» Aim of the exercise
In the records below, find the line that contains "by rewrite /dvdn" and the line that contains "Local Notation n := (4 * m)%N.", then retype exactly those two lines and every line between them.

- - - - - - -

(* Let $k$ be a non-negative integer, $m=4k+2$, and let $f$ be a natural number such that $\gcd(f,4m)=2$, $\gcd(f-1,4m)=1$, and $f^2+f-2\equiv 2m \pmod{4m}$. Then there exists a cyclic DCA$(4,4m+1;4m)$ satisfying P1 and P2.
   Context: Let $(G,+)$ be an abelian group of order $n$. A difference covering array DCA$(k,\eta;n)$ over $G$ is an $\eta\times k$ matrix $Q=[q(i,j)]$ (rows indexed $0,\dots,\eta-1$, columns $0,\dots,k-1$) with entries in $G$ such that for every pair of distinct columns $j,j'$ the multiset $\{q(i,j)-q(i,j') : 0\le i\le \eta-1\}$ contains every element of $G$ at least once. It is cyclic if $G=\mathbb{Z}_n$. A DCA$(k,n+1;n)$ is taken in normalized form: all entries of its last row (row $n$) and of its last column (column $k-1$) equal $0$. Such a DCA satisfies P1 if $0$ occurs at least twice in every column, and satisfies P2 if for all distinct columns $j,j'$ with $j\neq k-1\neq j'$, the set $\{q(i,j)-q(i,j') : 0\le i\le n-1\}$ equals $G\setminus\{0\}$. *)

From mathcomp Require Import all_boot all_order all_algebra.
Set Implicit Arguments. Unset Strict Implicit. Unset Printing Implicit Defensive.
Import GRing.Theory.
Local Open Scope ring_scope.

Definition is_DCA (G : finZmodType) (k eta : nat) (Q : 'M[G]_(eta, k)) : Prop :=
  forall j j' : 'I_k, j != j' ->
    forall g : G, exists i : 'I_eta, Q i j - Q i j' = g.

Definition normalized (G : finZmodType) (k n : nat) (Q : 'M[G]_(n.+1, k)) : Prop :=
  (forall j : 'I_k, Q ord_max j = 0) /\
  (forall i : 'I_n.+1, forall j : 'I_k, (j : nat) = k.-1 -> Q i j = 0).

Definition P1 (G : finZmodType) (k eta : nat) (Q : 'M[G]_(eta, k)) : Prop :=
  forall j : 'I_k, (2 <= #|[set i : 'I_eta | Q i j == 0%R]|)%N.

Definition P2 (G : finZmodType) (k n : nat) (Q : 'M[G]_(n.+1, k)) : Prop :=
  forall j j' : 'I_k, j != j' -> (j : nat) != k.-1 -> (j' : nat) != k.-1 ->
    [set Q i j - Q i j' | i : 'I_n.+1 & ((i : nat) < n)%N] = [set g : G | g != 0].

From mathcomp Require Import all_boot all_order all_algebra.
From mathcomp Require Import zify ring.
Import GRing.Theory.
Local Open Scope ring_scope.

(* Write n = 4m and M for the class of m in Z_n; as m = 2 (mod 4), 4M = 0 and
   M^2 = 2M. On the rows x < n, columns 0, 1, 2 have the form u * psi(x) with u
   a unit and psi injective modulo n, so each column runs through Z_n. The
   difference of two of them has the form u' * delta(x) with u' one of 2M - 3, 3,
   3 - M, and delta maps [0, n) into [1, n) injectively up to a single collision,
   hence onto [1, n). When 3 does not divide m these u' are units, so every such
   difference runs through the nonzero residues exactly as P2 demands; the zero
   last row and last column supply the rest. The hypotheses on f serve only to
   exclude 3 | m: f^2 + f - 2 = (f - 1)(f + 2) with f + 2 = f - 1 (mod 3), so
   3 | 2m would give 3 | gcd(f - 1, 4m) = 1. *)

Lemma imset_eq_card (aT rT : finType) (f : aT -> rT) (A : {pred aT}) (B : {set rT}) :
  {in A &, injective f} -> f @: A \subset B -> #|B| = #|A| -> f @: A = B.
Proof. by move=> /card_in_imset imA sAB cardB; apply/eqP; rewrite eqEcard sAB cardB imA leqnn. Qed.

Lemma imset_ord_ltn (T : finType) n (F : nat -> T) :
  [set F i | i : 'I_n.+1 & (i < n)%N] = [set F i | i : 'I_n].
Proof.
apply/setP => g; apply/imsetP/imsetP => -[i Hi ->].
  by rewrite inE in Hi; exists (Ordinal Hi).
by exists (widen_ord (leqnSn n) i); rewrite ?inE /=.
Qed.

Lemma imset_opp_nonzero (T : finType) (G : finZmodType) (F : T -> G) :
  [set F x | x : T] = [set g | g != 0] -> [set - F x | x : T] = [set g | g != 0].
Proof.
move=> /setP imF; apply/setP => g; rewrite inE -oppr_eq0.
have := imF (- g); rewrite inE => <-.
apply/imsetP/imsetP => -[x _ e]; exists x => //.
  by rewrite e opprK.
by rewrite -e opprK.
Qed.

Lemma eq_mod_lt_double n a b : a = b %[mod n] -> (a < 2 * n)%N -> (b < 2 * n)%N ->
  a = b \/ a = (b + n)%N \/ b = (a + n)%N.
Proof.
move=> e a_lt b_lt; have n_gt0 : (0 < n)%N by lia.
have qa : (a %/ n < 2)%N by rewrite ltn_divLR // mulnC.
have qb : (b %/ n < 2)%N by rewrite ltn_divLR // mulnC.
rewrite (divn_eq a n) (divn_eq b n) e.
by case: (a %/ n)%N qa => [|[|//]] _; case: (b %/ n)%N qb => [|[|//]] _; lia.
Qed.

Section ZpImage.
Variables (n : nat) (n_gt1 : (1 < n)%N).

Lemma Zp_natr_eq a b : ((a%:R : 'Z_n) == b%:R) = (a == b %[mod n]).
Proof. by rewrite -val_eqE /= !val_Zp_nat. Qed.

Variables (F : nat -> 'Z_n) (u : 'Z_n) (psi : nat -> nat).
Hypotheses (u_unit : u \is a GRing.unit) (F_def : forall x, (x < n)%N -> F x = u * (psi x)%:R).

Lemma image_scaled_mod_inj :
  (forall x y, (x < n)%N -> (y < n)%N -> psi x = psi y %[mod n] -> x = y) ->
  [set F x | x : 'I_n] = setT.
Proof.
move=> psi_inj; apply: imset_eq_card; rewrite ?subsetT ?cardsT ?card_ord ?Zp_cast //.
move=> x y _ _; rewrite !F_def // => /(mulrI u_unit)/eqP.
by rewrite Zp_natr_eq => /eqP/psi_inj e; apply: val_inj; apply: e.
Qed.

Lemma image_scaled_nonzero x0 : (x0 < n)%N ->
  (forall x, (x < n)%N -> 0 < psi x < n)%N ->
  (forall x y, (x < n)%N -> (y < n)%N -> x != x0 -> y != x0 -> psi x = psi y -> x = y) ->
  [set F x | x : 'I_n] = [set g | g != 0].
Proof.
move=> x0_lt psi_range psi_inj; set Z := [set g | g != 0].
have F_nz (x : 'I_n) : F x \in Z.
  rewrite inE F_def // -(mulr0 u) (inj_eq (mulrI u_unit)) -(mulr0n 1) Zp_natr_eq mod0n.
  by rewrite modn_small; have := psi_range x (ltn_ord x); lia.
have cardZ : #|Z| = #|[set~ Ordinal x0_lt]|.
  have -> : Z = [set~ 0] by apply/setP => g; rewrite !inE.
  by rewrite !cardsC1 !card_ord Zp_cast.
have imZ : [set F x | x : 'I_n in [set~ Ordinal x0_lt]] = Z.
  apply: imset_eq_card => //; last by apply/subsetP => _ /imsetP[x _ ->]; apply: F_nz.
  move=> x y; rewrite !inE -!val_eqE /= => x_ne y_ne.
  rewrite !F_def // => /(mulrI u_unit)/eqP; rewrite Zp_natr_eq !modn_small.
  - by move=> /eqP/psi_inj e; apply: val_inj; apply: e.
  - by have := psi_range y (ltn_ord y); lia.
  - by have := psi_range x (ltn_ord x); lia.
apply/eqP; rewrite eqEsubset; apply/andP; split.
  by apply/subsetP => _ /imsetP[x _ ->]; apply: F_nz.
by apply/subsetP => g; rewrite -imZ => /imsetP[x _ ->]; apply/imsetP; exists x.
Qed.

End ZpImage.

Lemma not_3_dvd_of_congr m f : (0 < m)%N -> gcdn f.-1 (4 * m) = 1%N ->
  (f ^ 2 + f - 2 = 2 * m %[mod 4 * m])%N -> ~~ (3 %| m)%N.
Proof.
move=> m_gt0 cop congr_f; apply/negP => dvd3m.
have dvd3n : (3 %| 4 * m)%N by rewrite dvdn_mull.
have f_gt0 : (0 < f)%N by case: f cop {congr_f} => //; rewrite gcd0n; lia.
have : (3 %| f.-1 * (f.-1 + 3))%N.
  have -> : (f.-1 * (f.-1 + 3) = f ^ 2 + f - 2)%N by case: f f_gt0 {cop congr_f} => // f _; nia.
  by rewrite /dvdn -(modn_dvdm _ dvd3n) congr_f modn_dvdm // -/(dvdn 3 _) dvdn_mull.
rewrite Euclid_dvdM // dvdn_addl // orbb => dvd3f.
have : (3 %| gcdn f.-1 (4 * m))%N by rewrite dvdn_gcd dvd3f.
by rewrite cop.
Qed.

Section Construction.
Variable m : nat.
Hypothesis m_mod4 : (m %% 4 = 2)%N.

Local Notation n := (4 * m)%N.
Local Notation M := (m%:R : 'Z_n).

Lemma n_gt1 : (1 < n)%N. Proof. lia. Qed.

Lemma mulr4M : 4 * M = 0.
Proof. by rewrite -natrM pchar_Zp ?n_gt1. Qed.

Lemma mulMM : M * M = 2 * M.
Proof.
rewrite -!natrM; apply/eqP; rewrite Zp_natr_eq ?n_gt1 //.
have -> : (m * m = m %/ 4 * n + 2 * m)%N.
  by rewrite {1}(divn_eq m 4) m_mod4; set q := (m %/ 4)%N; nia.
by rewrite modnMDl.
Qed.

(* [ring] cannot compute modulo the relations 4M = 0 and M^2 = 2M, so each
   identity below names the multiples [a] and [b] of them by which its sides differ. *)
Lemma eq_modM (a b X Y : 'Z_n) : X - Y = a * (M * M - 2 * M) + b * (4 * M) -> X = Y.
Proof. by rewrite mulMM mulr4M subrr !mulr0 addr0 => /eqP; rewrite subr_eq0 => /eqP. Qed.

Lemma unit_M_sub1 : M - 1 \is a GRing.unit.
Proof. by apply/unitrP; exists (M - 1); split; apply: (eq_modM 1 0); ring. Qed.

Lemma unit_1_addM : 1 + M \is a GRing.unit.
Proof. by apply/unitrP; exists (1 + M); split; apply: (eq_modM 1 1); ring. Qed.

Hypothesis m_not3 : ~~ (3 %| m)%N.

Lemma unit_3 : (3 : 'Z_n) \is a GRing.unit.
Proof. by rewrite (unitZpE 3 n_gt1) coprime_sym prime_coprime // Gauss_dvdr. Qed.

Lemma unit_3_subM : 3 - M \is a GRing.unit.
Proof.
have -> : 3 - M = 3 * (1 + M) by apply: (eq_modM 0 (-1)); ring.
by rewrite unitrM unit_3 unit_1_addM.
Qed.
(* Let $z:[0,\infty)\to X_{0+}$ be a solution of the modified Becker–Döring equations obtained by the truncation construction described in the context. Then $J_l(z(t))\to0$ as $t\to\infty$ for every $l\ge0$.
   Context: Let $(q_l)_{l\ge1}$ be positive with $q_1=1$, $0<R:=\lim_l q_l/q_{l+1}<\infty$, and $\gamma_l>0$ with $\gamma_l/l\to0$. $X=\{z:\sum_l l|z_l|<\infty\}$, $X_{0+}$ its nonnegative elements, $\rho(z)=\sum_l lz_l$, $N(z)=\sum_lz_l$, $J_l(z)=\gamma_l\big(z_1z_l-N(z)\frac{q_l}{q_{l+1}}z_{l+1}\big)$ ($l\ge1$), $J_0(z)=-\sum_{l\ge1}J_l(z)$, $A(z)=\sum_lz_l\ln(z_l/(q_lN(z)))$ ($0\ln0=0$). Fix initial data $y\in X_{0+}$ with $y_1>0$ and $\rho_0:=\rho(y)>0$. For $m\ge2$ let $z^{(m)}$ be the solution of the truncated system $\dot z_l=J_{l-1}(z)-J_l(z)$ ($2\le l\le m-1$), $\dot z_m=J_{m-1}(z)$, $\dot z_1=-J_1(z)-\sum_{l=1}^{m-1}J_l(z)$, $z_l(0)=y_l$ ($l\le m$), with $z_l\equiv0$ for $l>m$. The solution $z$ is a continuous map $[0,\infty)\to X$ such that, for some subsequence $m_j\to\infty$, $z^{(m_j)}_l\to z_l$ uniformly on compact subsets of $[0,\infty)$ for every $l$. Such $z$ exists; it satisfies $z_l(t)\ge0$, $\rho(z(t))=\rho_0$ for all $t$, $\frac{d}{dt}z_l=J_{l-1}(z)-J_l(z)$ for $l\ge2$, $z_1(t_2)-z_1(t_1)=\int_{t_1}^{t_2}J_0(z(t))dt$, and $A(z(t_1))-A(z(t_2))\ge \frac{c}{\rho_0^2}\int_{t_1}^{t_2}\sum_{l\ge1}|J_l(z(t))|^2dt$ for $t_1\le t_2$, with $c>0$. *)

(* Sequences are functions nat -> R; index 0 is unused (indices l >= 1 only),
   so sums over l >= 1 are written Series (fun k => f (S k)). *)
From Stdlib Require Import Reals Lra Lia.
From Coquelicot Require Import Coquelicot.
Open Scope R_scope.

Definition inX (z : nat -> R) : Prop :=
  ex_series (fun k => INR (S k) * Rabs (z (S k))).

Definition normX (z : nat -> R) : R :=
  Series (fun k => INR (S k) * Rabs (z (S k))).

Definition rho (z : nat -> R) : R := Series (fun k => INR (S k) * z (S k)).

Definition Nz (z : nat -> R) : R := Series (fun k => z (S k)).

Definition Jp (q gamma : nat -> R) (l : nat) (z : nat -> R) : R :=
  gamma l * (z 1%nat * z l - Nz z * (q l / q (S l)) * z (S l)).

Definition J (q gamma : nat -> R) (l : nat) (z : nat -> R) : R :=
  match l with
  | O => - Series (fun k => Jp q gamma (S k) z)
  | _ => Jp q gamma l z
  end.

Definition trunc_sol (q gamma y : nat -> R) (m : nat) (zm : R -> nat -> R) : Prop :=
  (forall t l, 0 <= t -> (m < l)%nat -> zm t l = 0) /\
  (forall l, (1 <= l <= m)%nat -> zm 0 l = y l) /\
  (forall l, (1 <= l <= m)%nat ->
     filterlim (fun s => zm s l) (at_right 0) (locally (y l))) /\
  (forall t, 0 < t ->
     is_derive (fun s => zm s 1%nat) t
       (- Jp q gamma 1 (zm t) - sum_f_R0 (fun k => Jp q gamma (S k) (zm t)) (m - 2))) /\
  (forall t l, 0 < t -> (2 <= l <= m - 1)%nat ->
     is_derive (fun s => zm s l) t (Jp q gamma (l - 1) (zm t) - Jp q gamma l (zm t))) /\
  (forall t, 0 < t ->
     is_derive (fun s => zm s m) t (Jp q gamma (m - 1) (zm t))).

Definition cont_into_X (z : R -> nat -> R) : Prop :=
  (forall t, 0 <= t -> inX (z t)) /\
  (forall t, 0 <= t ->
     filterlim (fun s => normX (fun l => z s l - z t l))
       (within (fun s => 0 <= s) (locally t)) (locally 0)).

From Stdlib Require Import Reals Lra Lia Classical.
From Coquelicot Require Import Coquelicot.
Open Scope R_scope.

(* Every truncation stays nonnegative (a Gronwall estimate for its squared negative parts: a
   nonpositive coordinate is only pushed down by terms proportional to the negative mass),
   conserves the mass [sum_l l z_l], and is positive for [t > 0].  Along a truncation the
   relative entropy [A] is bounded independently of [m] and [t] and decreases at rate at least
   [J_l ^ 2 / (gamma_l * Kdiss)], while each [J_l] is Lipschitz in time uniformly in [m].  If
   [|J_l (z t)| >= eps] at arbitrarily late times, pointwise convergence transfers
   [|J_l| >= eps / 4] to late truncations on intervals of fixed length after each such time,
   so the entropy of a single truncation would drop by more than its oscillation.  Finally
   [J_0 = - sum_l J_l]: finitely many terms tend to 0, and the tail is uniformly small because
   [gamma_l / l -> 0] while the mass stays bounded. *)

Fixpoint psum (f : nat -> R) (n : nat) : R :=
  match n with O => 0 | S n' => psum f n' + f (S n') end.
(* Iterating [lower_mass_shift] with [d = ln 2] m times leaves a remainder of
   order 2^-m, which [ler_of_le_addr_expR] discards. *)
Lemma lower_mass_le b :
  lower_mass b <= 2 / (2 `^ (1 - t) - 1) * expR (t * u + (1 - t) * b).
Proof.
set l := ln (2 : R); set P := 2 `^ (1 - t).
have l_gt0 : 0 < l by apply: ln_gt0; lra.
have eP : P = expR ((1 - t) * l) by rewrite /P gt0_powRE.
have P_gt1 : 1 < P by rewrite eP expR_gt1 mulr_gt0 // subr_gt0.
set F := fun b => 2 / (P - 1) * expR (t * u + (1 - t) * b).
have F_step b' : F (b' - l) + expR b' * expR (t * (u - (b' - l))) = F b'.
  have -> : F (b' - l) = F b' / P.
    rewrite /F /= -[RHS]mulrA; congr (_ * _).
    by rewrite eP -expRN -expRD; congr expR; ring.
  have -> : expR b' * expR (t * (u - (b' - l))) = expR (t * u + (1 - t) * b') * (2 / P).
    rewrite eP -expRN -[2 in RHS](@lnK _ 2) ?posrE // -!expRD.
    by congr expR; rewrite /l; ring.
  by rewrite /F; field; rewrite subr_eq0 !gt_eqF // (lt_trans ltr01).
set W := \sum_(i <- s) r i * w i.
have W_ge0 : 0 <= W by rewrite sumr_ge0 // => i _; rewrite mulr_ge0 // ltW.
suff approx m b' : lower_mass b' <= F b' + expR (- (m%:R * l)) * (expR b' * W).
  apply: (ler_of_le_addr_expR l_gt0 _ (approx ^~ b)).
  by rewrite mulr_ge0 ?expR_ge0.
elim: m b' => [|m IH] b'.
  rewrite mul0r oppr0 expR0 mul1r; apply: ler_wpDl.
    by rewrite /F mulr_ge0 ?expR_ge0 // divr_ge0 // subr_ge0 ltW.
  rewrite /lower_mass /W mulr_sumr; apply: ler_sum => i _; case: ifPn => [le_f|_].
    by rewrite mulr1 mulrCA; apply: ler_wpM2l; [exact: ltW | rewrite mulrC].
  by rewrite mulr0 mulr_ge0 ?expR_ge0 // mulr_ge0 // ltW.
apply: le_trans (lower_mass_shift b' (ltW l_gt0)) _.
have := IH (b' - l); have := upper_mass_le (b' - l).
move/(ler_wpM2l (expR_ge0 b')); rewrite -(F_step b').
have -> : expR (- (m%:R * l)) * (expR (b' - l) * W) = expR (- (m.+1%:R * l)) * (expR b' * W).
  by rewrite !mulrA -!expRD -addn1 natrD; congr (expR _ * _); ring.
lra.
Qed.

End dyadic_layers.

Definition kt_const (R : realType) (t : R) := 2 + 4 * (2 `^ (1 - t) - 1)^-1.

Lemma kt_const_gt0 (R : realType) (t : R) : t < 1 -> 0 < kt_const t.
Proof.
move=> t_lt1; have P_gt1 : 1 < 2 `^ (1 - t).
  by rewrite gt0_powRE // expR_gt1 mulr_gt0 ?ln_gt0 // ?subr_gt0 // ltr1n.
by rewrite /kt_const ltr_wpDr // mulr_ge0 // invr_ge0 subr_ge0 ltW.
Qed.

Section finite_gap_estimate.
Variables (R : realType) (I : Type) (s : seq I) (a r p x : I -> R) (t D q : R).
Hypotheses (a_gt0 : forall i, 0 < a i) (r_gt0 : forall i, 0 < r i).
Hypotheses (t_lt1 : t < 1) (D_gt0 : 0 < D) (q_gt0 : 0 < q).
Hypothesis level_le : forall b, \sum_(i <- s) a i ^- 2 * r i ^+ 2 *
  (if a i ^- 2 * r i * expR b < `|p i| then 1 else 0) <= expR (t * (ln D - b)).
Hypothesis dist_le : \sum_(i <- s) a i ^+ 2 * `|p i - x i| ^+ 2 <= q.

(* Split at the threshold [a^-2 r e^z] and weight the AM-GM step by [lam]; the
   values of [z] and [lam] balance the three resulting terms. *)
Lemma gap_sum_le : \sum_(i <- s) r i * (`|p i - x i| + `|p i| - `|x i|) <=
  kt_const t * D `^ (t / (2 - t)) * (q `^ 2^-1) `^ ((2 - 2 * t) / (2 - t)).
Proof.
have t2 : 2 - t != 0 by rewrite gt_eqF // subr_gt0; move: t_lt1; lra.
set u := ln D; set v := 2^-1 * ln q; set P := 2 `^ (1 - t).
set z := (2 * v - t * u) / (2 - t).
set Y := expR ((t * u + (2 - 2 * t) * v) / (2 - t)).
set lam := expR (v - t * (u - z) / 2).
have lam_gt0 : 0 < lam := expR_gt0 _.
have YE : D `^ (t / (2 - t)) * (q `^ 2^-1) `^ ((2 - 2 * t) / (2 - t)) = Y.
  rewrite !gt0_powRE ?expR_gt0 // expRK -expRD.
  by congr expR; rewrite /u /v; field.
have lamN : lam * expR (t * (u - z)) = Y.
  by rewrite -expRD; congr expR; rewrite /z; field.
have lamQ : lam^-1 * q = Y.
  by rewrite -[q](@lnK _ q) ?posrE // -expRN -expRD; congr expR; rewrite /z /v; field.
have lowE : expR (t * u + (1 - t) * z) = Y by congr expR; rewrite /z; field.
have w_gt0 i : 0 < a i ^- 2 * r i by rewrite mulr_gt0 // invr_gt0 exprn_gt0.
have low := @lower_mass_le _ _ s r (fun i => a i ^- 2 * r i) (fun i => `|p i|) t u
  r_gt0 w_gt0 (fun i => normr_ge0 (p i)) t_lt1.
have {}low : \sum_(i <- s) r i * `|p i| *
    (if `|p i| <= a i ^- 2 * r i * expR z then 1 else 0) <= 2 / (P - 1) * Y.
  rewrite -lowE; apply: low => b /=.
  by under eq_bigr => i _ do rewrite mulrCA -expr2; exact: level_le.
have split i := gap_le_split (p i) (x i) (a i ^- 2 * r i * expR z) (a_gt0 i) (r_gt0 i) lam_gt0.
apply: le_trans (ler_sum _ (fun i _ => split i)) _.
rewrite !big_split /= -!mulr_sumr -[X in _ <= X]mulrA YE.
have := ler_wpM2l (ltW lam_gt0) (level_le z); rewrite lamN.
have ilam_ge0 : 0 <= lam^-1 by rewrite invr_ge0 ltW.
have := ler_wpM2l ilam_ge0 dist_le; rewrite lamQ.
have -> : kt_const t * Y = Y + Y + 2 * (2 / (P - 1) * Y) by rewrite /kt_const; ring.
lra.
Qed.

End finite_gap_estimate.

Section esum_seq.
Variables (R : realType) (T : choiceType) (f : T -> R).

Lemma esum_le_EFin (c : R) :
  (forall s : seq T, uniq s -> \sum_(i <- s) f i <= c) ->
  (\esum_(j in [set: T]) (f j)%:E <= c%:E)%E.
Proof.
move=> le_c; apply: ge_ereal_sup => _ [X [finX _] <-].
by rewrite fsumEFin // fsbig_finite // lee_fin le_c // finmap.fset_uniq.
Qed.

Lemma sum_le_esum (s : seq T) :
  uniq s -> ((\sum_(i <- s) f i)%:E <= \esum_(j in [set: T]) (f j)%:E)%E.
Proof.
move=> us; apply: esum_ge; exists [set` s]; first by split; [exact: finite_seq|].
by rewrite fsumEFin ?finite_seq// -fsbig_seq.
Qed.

- - - - - - -

» Output for this exercise
  by rewrite /dvdn -(modn_dvdm _ dvd3n) congr_f modn_dvdm // -/(dvdn 3 _) dvdn_mull.
rewrite Euclid_dvdM // dvdn_addl // orbb => dvd3f.
have : (3 %| gcdn f.-1 (4 * m))%N by rewrite dvdn_gcd dvd3f.
by rewrite cop.
Qed.

Section Construction.
Variable m : nat.
Hypothesis m_mod4 : (m %% 4 = 2)%N.

Local Notation n := (4 * m)%N.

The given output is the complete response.